Don’t let menhaden become a case of could have, should have, would have

Here we go again. The Atlantic States Marine Fisheries Commission has held hearings up and down the East Coast on what to do about menhaden: Should we keep catching the same amount, catch more, catch less, or do an ecosystem study to see how menhaden fit into the scheme of saving the Chesapeake Bay?

Maybe we need a little refresher course about menhaden. Many people still do not know much about them. They have been called the “most important fish in the sea,” which is also the title of a book written by H. Bruce Franklin.

Don’t let menhaden become a case of could have, should have, would have
Note: the opinions expressed in this column are those of the writers and do not necessarily reflect those of the Bay Journal, its board or staff.
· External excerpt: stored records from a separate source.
Lemma graded_iso_Osig (R : realType) n p p' : graded_iso R n p p' -> Osig n p = Osig n p'.
Proof.
move=> /graded_iso_Oalpha [sigma [sigma_inj sigmaE]].
by rewrite /Osig [RHS](reindex_inj sigma_inj); apply: eq_bigr => x _; rewrite sigmaE.
Qed.

Lemma Osig_formula (n p : nat) : (p <= n)%N ->
  2 * Osig n p = (1 - 'i) ^+ p * (1 + 'i) ^+ (n - p) + (1 + 'i) ^+ p * (1 - 'i) ^+ (n - p)
     + 2 ^+ p * 0 ^+ (n - p) - 0 ^+ p * 2 ^+ (n - p).
Proof.
move=> pn.
have sign2 (x : Z2n n) : 2 * (-1) ^+ Oalpha p x
    = (-1) ^+ wt_low p x * (- 2 + \sum_(k < 4) ('i ^+ k) ^+ wt x) :> algC.
  rewrite Oalpha_wt signr_addb signr_odd sum_ipow mulrA [RHS]mulrC; congr (_ * _).
  by case: (wt x %% 4 == 0)%N; rewrite /= ?expr1 ?expr0 ?muln1 ?muln0; ring.
rewrite /Osig mulr_sumr (eq_bigr _ (fun x _ => sign2 x)).
under eq_bigr do rewrite mulrDr mulr_sumr.
rewrite big_split /= -mulr_suml exchange_big /=.
have -> : \sum_(x : Z2n n) (-1) ^+ wt_low p x = (1 - 1) ^+ p * (1 + 1) ^+ (n - p) :> algC.
  by rewrite -(sum_sign_wt_low 1 pn); apply: eq_bigr => x _; rewrite expr1n mulr1.
rewrite !big_ord_recr big_ord0 /= !sum_sign_wt_low // expr0 expr1 sqrCi.
have -> : ('i : algC) ^+ 3 = - 'i by rewrite exprS sqrCi mulrN1.
by rewrite !subrr !opprK (_ : 1 + 1 = 2 :> algC) //; ring.
Qed.

Lemma onepCi : 1 + 'i = 'i * (1 - 'i) :> algC.
Proof. by rewrite mulrBr mulr1 -expr2 sqrCi opprK addrC. Qed.

Lemma Osig_mid n p : (0 < p < n)%N ->
  2 * Osig n p = (1 - 'i) ^+ n * ('i ^+ p + 'i ^+ (n - p)).
Proof.
case/andP=> p0 pn; rewrite Osig_formula ?(ltnW pn) // !expr0n.
rewrite (_ : (p == 0)%N = false) 1?(_ : (n - p == 0)%N = false) /=; [|lia|lia].
rewrite !mulr0 !mul0r addr0 subr0 onepCi !exprMn.
set q := (n - p)%N; have -> : n = (p + q)%N by rewrite /q; lia.
by rewrite exprD; ring.
Qed.

Lemma Osig_full n : (0 < n)%N -> 2 * Osig n n = 2 ^+ n + (1 - 'i) ^+ n * (1 + 'i ^+ n).
Proof.
move=> n0; rewrite Osig_formula // subnn !expr0 !mulr1 !expr0n gtn_eqF //=.
by rewrite subr0 onepCi exprMn; ring.
Qed.

Lemma Osig_zero n : (0 < n)%N -> 2 * Osig n 0 = - 2 ^+ n + (1 - 'i) ^+ n * (1 + 'i ^+ n).
Proof.
move=> n0; rewrite Osig_formula // subn0 !expr0 !mul1r !expr0n gtn_eqF //=.
by rewrite onepCi exprMn; ring.
Qed.

Lemma oneBCi_neq0 : (1 - 'i : algC) != 0.
Proof.
rewrite subr_eq0; apply/eqP => i1; have := sqrCi algC.
by rewrite -i1 expr1n => /eqP; rewrite -addr_eq0 (_ : 1 + 1 = 2%:R) // pnatr_eq0.
Qed.

(* [i^p] and [i^(n-p)] are determined by their sum, and their product is [i^n]. *)
Lemma Osig_mid_inj n p p' : (0 < p < n)%N -> (0 < p' < n)%N ->
  Osig n p = Osig n p' -> (p' = p %[mod 4])%N \/ (p' = n - p %[mod 4])%N.
Proof.
move=> p_mid p'_mid e.
have : 2 * Osig n p = 2 * Osig n p' by rewrite e.
rewrite !Osig_mid // => /(mulfI (expf_neq0 n oneBCi_neq0)) e_sum.
have e_prod : 'i ^+ p * 'i ^+ (n - p) = 'i ^+ p' * 'i ^+ (n - p') :> algC.
  by rewrite -!exprD !subnKC // ltnW //; [case/andP: p'_mid|case/andP: p_mid].
by case: (sum_prod_roots e_sum e_prod) => /eqP; rewrite (eq_prim_root_expr prim4_rootCi) => /eqP;
  [left|right].
Qed.

Lemma normCi_pow k : `|('i : algC) ^+ k| = 1.
Proof. by rewrite normrX normCi expr1n. Qed.

Lemma norm_sum4_le (a b c d : algC) : `|a| = 1 -> `|b| = 1 -> `|c| = 1 -> `|d| = 1 ->
  `|a + b - c - d| <= 4.
Proof.
move=> na nb nc nd.
have : `|a + b - c - d| <= `|a| + `|b| + `|c| + `|d|.
  apply: le_trans (ler_normB _ _) _; rewrite lerD2r.
  apply: le_trans (ler_normB _ _) _; rewrite lerD2r; exact: ler_normD.
by rewrite na nb nc nd (_ : 1 + 1 + 1 + 1 = 4 :> algC) //; ring.
Qed.

(* Since [|1 - i|^2 = 2], equality would force [2^n <= 16]. *)
Lemma pow2_neq_oneBCi_mul n (w : algC) : (5 <= n)%N -> `|w| <= 4 ->
  2 ^+ n != (1 - 'i) ^+ n * w.
Proof.
move=> n5 w4; apply/eqP => e.
have normu2 : `|1 - 'i : algC| ^+ 2 = 2.
  rewrite normCK rmorphB /= conjC1 conjCi opprK.
  transitivity (1 - ('i : algC) ^+ 2); first ring.
  by rewrite sqrCi opprK.
set a := `|1 - 'i : algC| ^+ n; set W := `|w|.
have e2 : (2 : algC) ^+ n = a * W by rewrite /a /W -normrX -normrM -e normrX ger0_norm.
have e3 : (2 : algC) ^+ n * 2 ^+ n = 2 ^+ n * (W * W).
  by rewrite [in LHS]e2 mulrACA /a -exprMn -expr2 normu2.
have W16 : W * W <= 16.
  by rewrite (_ : 16 = 4 * 4 :> algC); [exact: (ler_pM (normr_ge0 w) (normr_ge0 w) w4 w4)|ring].
have : (2 : algC) ^+ n <= 16.
  by rewrite -(ler_pM2l (exprn_gt0 n (ltr0Sn _ 1))) e3 ler_pM2l ?exprn_gt0 // ltr0Sn.
rewrite -natrX ler_nat => n16.
by have := leq_trans (leq_pexp2l (isT : (0 < 2)%N) n5) n16.
Qed.

Lemma Osig_full_neq_zero n : (0 < n)%N -> Osig n n != Osig n 0.
Proof.
move=> n0; apply/eqP => e; have : 2 * Osig n n = 2 * Osig n 0 by rewrite e.
rewrite Osig_full // Osig_zero // => /addIr/eqP.
by rewrite -subr_eq0 opprK -mulr2n -natrX -mulrnA pnatr_eq0 muln_eq0 expn_eq0.
Qed.

Lemma Osig_full_neq_mid n p : (5 <= n)%N -> (0 < p < n)%N -> Osig n n != Osig n p.
Proof.
move=> n5 p_mid; apply/eqP => e.
have w4 : `|'i ^+ p + 'i ^+ (n - p) - 1 - 'i ^+ n| <= 4 :> algC.
  by rewrite norm_sum4_le ?normCi_pow ?normr1.
move/eqP: (pow2_neq_oneBCi_mul n5 w4); apply.
have := Osig_mid p_mid; rewrite -e Osig_full ?(leq_trans _ n5) // => e_mid.
by rewrite !mulrBr -e_mid; ring.
Qed.

Lemma Osig_zero_neq_mid n p : (5 <= n)%N -> (0 < p < n)%N -> Osig n 0 != Osig n p.
Proof.
move=> n5 p_mid; apply/eqP => e.
have w4 : `|1 + 'i ^+ n - 'i ^+ p - 'i ^+ (n - p)| <= 4 :> algC.
  by rewrite norm_sum4_le ?normCi_pow ?normr1.
move/eqP: (pow2_neq_oneBCi_mul n5 w4); apply.
have := Osig_mid p_mid; rewrite -e Osig_zero ?(leq_trans _ n5) // => e_mid.
have -> : (1 - 'i) ^+ n * (1 + 'i ^+ n - 'i ^+ p - 'i ^+ (n - p)) =
  (1 - 'i) ^+ n * (1 + 'i ^+ n) - (1 - 'i) ^+ n * ('i ^+ p + 'i ^+ (n - p)) :> algC by ring.
by rewrite -e_mid; ring.
Qed.

(** * Reachability *)

Local Close Scope ring_scope.

Lemma Oreach_trans a b c : Oreach a b -> Oreach b c -> Oreach a c.
Proof. by elim=> [//|x y z xy _ IH] /IH; exact: Oreach_step. Qed.

Lemma Oreach_shift p q k : 0 < p -> 0 < q -> Oreach (p, q + 4 * k) (p + 4 * k, q).
Proof.
elim: k p => [|k IH] p p0 q0; first by rewrite !muln0 !addn0; exact: Oreach_refl.
have -> : q + 4 * k.+1 = q + 4 * k + 4 by lia.
apply: Oreach_step (Ostep_shift p0 _) _; first by lia.
have -> : p + 4 * k.+1 = p + 4 + 4 * k by lia.
by apply: IH => //; lia.
Qed.

Lemma Oreach_unshift p q k : 0 < p -> 0 < q -> Oreach (p + 4 * k, q) (p, q + 4 * k).
Proof.
elim: k q => [|k IH] q p0 q0; first by rewrite !muln0 !addn0; exact: Oreach_refl.
have -> : p + 4 * k.+1 = p + 4 * k + 4 by lia.
apply: Oreach_step (Ostep_unshift _ q0) _; first by lia.
have -> : q + 4 * k.+1 = q + 4 + 4 * k by lia.
by apply: IH => //; lia.
Qed.

Lemma Oreach_mod4 p q p' q' : 0 < p -> 0 < q -> 0 < p' -> 0 < q' ->
  p + q = p' + q' -> p' = p %[mod 4] -> Oreach (p, q) (p', q').
Proof.
move=> p0 q0 p'0 q'0 pq pp'; have [pp'_le|p'p_lt] := leqP p p'.
  move/eqP: pp'; rewrite eqn_mod_dvd // => /dvdnP[k p'E].
  have -> : p' = p + 4 * k by lia.
  have -> : q = q' + 4 * k by lia.
  exact: Oreach_shift.
move/esym/eqP: pp'; rewrite (eqn_mod_dvd _ (ltnW p'p_lt)) => /dvdnP[k pE].
have -> : p = p' + 4 * k by lia.
have -> : q' = q + 4 * k by lia.
exact: Oreach_unshift.
Qed.

Theorem mainTheorem1 (R : realType) :
  (* (i) *)
  (forall p q : nat, (1 <= p)%N -> (1 <= q)%N -> (3 <= p + q)%N ->
     Oiso R p q q p) /\
  (* (ii) *)
  (forall p q : nat, (1 <= p)%N -> (1 <= q)%N ->
     Oiso R p (q + 4) (p + 4) q) /\
  (* (iii) *)
  (forall p q p' q' : nat, (1 <= p)%N -> (1 <= q)%N -> (1 <= p')%N -> (1 <= q')%N ->
     (3 <= p + q)%N -> (p + q = p' + q')%N ->
     Oiso R p q p' q' -> Oreach (p, q) (p', q')) /\
  (* (iv) *)
  (forall n : nat, (5 <= n)%N ->
     ~ Oiso R n 0 0 n /\
     (forall p q : nat, (p + q = n)%N -> (p, q) <> (n, 0%N) -> (p, q) <> (0%N, n) ->
        ~ Oiso R n 0 p q /\ ~ Oiso R 0 n p q)).
Proof.
split; [|split; [|split]].
- by move=> p q p0 q0 _; split; [exact: addnC|exact: graded_iso_swap].
- by move=> p q p0 q0; split; [lia|exact: graded_iso_shift].
- move=> p q p' q' p0 q0 p'0 q'0 pq3 pq [_ /graded_iso_Osig e].
  have p_mid : (0 < p < p + q)%N by lia.
  have p'_mid : (0 < p' < p + q)%N by lia.
  case: (Osig_mid_inj p_mid p'_mid e) => [pp'|qp']; first exact: Oreach_mod4.
  apply: Oreach_trans (Oreach_step (Ostep_swap p0 q0 pq3) (Oreach_refl _)) _.
  by apply: Oreach_mod4 => //; [rewrite addnC|rewrite qp' addKn].
move=> n n5; split.
  case=> _ /graded_iso_Osig; rewrite addn0; apply/eqP.
  by apply: Osig_full_neq_zero; lia.
move=> p q pq pn p0; have p_mid : (0 < p < n)%N.
  have pn' : p <> n by move=> p_n; apply: pn; congr pair; lia.
  have p0' : p <> 0%N by move=> p_0; apply: p0; congr pair; lia.
  lia.
split; case=> _ /graded_iso_Osig; rewrite ?addn0 ?add0n; apply/eqP.
  exact: Osig_full_neq_mid.
exact: Osig_zero_neq_mid.
Qed.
They are a small oily fish that we do not eat; they taste bad. The biggest they get is 15 inches, but very few reach that size before they are harvested or eaten by other animals.

For a time, they were caught for lamp oil when whales were declining in numbers. I once asked an expert on striped bass what he knew about menhaden. He said he knew nothing about menhaden. How can you be an expert on striped bass and not know about the main food that striped bass eat?

What do menhaden eat? They eat plankton: phytoplankton (microscopic plants) and zooplankton (microscopic animals). When menhaden eat plankton, they reduce the risk of toxic algal blooms.

Oysters seem to get more credit than menhaden for removing excess plankton from the Chesapeake Bay, perhaps because we eat oysters but not menhaden. The truth be known, menhaden would do a better job of removing plankton if given the chance. Oysters lie on the bottom, opening their shells, which is almost imperceptible, to draw in water and remove the plankton. They have to wait for the wind or tide to bring more plankton. Menhaden feed throughout the water column, swimming with their large mouths agape, mostly at the top, where the phytoplankton grows.

When oysters were prolific in the Bay, the water was clear compared with what it is today. I still remember being able to walk in water up to my chest and see the crabs I was trying to catch. That is my standard. When I was a young man and I asked some of the old-timers, they said they remembered when you could see 12 feet down. That was their standard. The new standard for kids today may only be a couple of feet.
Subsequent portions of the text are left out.